▶ ASSIGNMENT
Copy all lines in the material holding the string "left".

▶ INPUT MATERIAL
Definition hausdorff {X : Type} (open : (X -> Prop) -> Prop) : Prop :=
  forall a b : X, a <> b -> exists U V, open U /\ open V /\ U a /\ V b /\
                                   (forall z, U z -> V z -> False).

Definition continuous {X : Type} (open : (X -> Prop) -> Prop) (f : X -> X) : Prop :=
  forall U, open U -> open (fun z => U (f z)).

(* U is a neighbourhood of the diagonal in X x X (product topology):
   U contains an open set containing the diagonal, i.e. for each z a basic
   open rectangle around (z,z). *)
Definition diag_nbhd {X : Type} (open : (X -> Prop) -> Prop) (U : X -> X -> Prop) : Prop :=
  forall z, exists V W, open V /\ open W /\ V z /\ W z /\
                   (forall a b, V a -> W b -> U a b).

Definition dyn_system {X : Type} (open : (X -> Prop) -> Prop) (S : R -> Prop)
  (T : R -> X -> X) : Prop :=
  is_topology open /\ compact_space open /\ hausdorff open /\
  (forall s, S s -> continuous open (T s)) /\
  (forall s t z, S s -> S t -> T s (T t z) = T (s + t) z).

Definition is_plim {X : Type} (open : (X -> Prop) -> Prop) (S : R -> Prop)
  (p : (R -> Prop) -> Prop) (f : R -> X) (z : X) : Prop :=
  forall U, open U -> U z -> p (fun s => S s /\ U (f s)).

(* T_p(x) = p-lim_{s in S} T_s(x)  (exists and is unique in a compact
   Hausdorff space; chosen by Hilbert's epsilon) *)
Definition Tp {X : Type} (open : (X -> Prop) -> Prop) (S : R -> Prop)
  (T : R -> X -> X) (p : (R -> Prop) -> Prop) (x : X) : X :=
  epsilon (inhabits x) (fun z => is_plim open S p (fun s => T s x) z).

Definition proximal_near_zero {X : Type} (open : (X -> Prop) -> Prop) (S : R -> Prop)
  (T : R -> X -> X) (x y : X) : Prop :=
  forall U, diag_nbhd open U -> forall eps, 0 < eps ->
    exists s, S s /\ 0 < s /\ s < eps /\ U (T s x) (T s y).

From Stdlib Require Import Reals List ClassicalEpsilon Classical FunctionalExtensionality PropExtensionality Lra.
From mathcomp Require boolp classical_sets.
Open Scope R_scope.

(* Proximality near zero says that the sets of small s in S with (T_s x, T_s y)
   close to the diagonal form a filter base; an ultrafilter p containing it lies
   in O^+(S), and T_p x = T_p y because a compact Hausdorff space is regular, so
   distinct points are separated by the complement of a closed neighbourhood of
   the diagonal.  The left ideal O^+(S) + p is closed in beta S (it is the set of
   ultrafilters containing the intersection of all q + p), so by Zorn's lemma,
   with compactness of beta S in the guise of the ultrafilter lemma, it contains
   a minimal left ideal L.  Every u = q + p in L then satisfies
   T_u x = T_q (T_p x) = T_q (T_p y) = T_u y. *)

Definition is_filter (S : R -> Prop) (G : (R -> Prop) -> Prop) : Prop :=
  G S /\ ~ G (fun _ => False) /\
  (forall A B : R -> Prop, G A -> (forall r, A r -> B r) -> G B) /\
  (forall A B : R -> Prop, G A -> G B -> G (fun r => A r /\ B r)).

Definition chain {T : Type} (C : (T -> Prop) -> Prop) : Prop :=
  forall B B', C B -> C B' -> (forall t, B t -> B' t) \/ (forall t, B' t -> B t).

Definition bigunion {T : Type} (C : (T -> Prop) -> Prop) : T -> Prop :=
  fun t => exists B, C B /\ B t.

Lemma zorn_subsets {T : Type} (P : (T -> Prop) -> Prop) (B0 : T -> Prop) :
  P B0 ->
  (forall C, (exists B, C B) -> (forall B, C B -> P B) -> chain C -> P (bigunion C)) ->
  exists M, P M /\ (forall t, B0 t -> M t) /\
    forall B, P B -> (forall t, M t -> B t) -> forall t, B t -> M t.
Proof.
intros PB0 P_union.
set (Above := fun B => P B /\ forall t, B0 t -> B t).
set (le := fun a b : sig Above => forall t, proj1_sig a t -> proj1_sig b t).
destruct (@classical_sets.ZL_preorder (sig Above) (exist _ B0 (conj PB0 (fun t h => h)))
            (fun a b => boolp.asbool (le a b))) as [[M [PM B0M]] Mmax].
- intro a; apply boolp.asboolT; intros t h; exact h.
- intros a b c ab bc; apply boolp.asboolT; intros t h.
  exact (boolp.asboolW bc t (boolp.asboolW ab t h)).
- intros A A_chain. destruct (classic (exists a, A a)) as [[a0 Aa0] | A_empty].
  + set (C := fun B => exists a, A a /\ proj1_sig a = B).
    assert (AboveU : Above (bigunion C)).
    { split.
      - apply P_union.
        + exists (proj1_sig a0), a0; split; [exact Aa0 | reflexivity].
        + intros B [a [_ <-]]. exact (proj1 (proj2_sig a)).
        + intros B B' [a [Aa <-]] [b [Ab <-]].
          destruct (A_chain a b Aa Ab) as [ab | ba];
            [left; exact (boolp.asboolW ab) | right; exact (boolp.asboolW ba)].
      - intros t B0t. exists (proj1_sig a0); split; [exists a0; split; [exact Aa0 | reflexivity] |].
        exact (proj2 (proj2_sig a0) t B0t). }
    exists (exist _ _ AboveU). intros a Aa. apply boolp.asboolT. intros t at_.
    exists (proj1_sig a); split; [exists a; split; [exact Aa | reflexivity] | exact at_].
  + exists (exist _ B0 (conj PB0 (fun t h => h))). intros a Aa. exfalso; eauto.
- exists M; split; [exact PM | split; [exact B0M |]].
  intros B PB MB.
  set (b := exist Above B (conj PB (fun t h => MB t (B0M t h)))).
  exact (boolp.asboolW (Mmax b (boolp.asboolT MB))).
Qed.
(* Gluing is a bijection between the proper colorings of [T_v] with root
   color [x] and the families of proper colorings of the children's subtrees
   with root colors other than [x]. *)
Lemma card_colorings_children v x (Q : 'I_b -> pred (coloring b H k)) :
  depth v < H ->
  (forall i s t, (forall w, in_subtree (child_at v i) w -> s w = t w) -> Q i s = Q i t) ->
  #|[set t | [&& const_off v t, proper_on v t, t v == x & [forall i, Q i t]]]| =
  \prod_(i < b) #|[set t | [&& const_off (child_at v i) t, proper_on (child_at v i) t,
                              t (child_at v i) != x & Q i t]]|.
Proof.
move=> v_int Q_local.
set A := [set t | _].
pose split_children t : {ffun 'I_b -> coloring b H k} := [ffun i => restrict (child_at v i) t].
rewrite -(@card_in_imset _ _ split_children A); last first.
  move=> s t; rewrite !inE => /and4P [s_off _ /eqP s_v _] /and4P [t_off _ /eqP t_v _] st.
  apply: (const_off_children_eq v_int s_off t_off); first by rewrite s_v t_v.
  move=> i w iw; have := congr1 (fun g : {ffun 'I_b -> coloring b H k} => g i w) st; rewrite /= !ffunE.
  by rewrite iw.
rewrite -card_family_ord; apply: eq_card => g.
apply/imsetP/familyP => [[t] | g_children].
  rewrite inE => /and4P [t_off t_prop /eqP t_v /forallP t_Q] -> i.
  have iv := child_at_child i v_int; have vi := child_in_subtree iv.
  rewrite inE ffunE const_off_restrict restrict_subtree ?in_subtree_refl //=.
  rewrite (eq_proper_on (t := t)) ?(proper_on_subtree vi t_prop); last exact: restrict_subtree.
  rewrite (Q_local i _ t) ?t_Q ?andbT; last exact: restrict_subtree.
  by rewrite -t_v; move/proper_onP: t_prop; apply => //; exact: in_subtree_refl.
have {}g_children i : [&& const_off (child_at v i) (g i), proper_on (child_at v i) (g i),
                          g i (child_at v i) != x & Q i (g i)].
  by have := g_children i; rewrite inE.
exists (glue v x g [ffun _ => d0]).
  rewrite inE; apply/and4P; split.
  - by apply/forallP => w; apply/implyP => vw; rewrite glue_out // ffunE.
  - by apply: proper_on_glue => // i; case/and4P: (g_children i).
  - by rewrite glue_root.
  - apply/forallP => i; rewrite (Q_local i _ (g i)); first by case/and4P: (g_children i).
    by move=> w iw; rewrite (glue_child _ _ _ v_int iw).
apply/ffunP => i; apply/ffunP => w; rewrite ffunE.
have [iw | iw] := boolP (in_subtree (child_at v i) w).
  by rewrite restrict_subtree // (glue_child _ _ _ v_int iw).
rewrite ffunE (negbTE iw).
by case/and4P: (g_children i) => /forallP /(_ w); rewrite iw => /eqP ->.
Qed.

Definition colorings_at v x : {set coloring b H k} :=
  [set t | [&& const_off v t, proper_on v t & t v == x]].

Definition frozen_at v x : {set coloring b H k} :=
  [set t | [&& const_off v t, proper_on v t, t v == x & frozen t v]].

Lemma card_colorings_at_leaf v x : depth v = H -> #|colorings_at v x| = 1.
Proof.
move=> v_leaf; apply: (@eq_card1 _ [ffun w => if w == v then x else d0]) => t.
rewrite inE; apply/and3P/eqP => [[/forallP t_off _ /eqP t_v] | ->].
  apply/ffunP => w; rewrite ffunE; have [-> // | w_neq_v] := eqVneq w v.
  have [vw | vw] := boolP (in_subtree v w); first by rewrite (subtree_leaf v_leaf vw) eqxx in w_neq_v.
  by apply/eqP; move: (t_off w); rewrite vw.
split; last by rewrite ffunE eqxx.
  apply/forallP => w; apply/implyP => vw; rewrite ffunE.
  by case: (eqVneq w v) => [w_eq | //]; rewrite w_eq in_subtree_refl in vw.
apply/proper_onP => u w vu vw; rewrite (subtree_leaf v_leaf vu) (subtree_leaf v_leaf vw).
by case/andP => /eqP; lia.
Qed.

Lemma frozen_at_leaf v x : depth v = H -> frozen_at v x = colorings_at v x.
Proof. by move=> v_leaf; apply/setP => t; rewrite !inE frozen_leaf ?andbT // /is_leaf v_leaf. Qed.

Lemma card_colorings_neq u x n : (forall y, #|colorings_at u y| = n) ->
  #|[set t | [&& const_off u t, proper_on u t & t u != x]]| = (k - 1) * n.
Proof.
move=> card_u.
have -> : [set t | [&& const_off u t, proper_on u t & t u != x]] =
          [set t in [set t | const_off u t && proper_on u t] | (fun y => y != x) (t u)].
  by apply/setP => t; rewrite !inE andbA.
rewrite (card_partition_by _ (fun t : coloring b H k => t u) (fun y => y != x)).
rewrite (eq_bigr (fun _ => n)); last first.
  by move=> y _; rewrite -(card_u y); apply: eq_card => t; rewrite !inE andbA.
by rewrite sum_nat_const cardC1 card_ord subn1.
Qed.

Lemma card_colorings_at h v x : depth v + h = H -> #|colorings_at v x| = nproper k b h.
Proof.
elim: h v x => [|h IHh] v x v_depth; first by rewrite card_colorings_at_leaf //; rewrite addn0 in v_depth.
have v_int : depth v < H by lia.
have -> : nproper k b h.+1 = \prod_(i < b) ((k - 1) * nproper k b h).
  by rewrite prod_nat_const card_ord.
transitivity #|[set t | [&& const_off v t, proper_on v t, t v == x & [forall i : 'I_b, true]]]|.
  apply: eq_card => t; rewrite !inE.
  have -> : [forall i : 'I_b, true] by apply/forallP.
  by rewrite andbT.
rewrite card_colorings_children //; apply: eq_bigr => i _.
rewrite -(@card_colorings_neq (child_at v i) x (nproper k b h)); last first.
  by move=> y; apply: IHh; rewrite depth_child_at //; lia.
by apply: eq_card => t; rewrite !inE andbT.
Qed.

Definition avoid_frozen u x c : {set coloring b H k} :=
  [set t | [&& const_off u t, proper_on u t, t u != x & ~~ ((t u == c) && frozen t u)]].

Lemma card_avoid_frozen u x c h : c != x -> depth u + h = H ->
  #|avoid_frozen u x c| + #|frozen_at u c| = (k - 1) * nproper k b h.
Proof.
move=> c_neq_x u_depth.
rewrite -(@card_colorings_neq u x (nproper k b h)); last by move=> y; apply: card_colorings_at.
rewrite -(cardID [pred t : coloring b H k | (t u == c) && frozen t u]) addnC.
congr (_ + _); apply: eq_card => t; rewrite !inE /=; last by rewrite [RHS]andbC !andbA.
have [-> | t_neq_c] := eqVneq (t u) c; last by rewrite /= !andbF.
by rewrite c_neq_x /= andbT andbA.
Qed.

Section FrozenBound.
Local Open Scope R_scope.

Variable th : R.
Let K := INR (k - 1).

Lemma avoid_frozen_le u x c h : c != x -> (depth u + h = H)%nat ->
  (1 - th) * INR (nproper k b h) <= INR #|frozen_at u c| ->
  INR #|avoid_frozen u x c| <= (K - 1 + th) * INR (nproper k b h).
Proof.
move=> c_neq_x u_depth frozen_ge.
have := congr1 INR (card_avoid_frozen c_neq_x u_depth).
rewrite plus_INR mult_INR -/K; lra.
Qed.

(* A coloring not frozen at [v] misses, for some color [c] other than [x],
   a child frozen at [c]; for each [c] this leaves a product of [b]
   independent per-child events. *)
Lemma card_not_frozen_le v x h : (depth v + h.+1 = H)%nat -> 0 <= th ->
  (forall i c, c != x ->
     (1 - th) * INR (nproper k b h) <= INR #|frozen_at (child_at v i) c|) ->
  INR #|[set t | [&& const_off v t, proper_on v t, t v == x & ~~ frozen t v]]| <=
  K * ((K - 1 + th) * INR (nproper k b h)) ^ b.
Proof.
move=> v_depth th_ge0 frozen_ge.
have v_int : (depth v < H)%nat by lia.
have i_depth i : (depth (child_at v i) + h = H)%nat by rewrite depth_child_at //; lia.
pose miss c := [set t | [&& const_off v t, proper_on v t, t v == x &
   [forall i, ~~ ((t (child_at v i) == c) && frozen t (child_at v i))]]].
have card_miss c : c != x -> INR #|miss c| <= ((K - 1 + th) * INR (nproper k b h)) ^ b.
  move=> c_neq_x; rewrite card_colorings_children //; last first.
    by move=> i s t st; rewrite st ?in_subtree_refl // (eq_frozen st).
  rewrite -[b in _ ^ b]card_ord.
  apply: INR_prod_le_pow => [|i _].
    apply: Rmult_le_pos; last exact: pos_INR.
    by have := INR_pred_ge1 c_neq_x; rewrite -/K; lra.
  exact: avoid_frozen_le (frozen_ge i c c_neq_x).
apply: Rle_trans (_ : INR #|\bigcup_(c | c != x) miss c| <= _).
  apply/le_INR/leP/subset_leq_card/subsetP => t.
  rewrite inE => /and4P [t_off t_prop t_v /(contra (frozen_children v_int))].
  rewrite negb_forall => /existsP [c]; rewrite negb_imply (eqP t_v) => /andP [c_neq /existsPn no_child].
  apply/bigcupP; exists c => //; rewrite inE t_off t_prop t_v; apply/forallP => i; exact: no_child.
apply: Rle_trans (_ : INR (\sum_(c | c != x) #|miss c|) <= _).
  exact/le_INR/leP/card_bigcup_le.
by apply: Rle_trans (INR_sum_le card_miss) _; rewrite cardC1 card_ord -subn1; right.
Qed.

▶ EXERCISE RESULT
   the diagonal.  The left ideal O^+(S) + p is closed in beta S (it is the set of
   a minimal left ideal L.  Every u = q + p in L then satisfies
            [left; exact (boolp.asboolW ab) | right; exact (boolp.asboolW ba)].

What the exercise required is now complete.